• _Aim of the task_
Go over the entries below line by line, copying each one that contains the word "Definition".
BEGIN Input data
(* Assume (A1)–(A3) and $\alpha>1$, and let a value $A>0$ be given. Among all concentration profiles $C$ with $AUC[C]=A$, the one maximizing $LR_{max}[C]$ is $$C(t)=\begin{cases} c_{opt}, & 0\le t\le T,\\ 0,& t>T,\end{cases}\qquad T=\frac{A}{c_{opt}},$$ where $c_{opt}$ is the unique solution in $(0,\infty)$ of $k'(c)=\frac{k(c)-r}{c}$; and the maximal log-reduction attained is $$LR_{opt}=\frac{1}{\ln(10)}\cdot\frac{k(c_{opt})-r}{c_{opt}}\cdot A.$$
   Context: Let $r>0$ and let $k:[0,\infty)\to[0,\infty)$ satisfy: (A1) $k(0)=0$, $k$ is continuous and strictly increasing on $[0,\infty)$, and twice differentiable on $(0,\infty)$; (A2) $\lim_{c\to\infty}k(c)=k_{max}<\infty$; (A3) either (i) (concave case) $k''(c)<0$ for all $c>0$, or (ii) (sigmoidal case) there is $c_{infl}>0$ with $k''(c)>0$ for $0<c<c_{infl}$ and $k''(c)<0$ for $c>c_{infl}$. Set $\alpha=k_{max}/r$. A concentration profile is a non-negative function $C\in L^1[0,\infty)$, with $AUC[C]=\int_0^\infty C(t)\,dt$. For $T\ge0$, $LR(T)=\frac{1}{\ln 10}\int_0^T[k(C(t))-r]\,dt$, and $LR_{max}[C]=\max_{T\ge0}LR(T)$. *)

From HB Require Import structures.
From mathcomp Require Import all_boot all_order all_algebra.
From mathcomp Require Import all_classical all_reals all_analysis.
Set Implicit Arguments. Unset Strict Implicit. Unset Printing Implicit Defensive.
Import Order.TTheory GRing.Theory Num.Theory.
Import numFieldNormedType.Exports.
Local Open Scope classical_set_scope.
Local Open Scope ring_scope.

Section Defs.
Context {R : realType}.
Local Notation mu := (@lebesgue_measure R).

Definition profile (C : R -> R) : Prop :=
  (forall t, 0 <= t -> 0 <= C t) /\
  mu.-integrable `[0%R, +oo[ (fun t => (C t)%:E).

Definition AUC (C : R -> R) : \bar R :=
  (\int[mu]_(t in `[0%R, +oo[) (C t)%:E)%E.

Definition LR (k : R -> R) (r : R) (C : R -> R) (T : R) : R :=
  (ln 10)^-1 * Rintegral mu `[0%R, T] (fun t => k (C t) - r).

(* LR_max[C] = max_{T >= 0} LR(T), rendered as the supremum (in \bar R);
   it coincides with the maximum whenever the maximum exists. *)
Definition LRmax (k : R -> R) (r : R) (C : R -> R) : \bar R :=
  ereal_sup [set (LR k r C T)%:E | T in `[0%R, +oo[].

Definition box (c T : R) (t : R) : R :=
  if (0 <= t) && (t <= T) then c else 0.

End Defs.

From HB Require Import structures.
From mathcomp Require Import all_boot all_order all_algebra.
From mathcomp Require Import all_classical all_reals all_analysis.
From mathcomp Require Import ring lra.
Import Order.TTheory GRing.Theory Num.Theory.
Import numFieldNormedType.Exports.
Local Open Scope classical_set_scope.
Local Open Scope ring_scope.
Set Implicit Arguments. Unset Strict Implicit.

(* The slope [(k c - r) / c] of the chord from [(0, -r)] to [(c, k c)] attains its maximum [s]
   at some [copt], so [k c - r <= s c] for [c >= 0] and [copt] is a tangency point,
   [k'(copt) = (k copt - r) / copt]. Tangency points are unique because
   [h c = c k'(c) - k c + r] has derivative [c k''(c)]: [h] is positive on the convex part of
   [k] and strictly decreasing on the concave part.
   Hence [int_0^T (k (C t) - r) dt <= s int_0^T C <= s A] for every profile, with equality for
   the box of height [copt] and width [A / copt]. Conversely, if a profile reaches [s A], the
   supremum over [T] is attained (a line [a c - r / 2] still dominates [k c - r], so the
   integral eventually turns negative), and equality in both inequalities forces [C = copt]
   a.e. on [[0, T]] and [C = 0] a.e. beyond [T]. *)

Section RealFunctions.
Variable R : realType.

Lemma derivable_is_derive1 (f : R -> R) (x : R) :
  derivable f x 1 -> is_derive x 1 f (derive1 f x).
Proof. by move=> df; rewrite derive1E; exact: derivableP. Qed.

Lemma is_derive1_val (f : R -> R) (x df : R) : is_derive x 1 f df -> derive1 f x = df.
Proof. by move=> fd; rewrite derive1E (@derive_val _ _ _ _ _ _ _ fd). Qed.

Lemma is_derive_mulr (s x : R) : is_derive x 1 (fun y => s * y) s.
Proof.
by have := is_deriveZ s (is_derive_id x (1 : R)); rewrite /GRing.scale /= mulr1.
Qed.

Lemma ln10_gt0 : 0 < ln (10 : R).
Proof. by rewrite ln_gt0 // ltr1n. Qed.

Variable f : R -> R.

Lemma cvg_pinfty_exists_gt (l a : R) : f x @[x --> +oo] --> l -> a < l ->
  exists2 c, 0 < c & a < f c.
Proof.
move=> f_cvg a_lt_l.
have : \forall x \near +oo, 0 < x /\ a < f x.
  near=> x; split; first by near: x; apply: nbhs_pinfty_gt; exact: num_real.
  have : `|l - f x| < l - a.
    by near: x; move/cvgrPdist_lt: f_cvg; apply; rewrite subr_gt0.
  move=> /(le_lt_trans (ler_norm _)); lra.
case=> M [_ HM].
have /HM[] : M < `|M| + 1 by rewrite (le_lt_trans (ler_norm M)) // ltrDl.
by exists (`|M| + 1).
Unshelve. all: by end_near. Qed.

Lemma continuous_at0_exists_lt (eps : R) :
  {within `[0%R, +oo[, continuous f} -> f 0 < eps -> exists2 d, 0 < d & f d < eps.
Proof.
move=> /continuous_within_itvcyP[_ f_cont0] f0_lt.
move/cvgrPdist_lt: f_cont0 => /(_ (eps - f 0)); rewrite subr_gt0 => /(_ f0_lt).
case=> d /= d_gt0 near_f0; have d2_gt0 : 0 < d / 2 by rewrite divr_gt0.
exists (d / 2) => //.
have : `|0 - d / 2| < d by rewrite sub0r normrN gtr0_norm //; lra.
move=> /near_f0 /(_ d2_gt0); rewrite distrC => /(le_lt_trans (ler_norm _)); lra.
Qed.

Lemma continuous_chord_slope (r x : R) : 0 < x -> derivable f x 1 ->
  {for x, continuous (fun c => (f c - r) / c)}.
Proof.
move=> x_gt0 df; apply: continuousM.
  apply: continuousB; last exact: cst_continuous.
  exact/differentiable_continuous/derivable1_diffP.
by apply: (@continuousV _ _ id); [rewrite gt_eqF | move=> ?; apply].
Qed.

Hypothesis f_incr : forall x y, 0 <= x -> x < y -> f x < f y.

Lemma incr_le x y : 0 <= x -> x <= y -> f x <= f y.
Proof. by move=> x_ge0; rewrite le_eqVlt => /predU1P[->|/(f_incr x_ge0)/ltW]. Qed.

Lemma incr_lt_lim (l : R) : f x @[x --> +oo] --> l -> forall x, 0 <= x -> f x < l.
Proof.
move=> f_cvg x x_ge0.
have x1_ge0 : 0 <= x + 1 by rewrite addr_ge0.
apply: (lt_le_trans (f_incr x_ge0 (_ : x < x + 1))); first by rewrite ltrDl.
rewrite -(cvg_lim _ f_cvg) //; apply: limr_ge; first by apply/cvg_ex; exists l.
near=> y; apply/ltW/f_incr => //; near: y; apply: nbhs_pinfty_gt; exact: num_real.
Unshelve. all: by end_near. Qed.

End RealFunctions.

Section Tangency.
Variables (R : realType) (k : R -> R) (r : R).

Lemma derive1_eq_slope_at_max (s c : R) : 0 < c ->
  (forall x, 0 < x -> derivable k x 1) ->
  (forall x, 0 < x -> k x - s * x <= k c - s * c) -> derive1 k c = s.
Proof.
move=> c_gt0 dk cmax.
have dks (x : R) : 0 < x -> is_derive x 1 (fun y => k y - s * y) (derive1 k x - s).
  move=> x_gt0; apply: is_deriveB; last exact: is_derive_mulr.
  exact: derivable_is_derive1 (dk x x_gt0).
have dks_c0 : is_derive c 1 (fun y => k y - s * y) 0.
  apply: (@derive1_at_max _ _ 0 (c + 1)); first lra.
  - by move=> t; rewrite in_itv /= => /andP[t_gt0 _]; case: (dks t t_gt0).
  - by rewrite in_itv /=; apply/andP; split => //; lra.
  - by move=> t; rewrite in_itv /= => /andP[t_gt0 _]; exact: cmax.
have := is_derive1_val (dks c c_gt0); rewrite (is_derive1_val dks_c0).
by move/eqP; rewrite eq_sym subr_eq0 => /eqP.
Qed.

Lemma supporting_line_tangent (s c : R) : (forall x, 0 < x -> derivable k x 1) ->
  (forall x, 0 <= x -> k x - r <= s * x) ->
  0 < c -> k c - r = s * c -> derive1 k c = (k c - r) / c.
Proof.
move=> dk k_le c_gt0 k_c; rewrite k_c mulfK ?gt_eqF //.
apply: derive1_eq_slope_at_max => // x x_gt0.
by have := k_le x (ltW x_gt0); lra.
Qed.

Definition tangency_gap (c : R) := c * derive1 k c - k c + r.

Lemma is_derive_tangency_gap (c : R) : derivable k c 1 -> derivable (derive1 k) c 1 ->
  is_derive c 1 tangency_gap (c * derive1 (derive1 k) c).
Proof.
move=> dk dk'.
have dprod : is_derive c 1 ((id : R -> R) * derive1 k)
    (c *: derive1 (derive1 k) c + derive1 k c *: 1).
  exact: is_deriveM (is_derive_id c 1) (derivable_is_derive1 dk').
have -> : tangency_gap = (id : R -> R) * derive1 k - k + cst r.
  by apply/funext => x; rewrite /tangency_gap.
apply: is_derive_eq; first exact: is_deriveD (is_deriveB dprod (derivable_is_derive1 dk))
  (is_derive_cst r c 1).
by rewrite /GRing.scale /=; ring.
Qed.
END Input data
BEGIN Input data
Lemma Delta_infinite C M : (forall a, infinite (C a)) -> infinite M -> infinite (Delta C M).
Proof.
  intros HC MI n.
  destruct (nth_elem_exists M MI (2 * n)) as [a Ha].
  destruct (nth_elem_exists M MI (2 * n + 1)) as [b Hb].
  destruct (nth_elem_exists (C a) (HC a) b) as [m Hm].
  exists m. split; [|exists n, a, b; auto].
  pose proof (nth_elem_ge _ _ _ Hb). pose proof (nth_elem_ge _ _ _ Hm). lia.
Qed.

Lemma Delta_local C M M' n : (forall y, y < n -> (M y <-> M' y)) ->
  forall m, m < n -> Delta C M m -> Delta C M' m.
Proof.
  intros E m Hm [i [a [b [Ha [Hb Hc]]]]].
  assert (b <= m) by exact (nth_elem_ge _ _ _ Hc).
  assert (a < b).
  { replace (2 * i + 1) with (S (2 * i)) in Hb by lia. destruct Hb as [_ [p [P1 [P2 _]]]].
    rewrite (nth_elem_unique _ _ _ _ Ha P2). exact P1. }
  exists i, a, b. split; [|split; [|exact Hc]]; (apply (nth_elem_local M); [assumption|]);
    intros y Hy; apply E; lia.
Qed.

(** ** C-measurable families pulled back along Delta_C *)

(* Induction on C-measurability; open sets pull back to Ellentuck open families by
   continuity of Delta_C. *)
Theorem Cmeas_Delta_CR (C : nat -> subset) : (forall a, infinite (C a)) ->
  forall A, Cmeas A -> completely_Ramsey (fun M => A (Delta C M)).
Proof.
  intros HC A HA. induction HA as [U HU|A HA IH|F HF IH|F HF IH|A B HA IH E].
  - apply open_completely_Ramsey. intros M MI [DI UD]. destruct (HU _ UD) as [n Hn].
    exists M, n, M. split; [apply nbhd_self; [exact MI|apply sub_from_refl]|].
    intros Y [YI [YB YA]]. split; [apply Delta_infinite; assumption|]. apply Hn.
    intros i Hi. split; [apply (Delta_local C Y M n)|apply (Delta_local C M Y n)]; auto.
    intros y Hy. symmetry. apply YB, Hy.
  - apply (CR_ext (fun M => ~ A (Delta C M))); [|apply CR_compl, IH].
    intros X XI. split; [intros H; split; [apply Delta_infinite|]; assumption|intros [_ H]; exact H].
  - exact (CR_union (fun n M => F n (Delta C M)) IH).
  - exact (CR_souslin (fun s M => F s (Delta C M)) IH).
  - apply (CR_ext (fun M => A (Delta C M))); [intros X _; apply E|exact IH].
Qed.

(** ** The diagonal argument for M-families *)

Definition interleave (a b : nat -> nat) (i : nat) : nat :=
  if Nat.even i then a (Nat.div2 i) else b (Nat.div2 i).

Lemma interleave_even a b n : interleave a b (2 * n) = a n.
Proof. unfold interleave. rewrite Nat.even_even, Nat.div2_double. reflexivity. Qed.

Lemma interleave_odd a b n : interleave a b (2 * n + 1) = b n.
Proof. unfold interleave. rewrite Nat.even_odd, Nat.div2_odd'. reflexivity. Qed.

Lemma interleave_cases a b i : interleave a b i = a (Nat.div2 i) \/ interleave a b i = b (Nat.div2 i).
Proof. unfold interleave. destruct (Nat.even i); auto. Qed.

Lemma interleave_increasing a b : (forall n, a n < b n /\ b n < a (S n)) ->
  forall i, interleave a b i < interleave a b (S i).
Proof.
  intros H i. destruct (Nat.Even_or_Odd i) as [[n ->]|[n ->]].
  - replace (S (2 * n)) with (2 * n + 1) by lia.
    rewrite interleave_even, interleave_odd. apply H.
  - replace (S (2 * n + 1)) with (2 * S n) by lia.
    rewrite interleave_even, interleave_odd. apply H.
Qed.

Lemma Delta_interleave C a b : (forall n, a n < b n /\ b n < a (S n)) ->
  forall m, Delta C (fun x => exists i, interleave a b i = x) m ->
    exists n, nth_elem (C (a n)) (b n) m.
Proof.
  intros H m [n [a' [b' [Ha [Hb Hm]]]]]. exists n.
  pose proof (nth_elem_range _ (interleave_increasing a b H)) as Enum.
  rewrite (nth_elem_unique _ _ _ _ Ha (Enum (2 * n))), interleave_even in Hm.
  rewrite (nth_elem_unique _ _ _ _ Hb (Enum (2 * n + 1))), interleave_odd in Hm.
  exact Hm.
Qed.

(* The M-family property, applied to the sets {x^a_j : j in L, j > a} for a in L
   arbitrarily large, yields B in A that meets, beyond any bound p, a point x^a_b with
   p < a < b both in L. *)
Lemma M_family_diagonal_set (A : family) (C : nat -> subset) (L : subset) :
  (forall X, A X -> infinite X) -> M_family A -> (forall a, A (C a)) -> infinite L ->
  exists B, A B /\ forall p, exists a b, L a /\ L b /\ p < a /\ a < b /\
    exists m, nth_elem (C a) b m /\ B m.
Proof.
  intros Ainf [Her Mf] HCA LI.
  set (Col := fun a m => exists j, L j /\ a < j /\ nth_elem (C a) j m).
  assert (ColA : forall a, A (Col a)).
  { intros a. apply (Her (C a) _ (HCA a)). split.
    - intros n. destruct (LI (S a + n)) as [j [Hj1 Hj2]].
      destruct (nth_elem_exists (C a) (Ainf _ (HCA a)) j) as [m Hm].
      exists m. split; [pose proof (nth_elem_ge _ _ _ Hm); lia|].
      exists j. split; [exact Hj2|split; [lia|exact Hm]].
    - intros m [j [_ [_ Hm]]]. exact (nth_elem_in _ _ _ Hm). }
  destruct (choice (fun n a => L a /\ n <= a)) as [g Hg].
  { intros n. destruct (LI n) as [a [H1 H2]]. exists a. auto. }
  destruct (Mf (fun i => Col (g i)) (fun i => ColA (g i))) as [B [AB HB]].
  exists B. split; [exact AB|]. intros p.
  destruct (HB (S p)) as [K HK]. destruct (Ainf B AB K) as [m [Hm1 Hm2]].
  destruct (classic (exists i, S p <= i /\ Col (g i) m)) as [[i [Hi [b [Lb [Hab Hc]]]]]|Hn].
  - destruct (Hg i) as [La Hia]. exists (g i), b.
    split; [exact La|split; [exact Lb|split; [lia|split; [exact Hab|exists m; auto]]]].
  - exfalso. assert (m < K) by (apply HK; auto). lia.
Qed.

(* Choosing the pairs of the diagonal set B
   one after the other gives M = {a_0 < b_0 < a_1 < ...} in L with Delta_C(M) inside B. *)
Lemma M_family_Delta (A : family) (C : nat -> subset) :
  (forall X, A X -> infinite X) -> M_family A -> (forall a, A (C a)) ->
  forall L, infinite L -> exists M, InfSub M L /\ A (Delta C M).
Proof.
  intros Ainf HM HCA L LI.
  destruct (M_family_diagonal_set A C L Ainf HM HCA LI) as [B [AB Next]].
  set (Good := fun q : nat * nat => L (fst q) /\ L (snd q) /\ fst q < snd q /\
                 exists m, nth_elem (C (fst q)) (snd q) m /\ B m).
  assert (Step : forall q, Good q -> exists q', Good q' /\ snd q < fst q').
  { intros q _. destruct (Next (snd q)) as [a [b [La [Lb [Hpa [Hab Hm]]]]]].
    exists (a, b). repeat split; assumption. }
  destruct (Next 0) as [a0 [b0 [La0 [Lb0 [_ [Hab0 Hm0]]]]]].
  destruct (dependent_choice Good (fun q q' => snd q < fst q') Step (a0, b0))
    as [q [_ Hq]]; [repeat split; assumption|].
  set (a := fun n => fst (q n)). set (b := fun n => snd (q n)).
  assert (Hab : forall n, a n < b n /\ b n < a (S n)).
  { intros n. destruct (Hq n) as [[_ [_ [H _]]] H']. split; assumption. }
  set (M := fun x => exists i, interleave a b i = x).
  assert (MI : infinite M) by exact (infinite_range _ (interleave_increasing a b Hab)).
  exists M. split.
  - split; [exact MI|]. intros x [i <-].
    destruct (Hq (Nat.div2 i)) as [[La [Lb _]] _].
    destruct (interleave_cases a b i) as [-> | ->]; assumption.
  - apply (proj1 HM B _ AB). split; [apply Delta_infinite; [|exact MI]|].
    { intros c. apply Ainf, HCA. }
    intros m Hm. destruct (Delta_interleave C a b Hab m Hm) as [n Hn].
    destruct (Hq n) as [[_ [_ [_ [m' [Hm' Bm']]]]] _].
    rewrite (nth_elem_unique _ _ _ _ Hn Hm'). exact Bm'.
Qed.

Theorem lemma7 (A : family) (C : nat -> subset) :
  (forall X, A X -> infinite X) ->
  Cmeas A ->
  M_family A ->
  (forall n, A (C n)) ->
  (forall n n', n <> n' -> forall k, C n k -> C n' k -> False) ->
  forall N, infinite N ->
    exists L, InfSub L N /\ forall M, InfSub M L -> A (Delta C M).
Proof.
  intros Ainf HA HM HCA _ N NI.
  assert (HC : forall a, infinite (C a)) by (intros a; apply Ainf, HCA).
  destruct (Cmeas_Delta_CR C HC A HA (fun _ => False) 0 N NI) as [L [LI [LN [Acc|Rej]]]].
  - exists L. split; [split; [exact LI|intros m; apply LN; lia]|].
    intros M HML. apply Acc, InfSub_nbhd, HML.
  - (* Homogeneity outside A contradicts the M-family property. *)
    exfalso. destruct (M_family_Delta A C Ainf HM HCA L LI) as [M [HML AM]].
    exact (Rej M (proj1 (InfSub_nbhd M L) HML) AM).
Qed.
END Input data
• _Response area_
Definition profile (C : R -> R) : Prop :=
Definition AUC (C : R -> R) : \bar R :=
Definition LR (k : R -> R) (r : R) (C : R -> R) (T : R) : R :=
Definition LRmax (k : R -> R) (r : R) (C : R -> R) : \bar R :=
Definition box (c T : R) (t : R) : R :=
Definition tangency_gap (c : R) := c * derive1 k c - k c + r.
Definition interleave (a b : nat -> nat) (i : nat) : nat :=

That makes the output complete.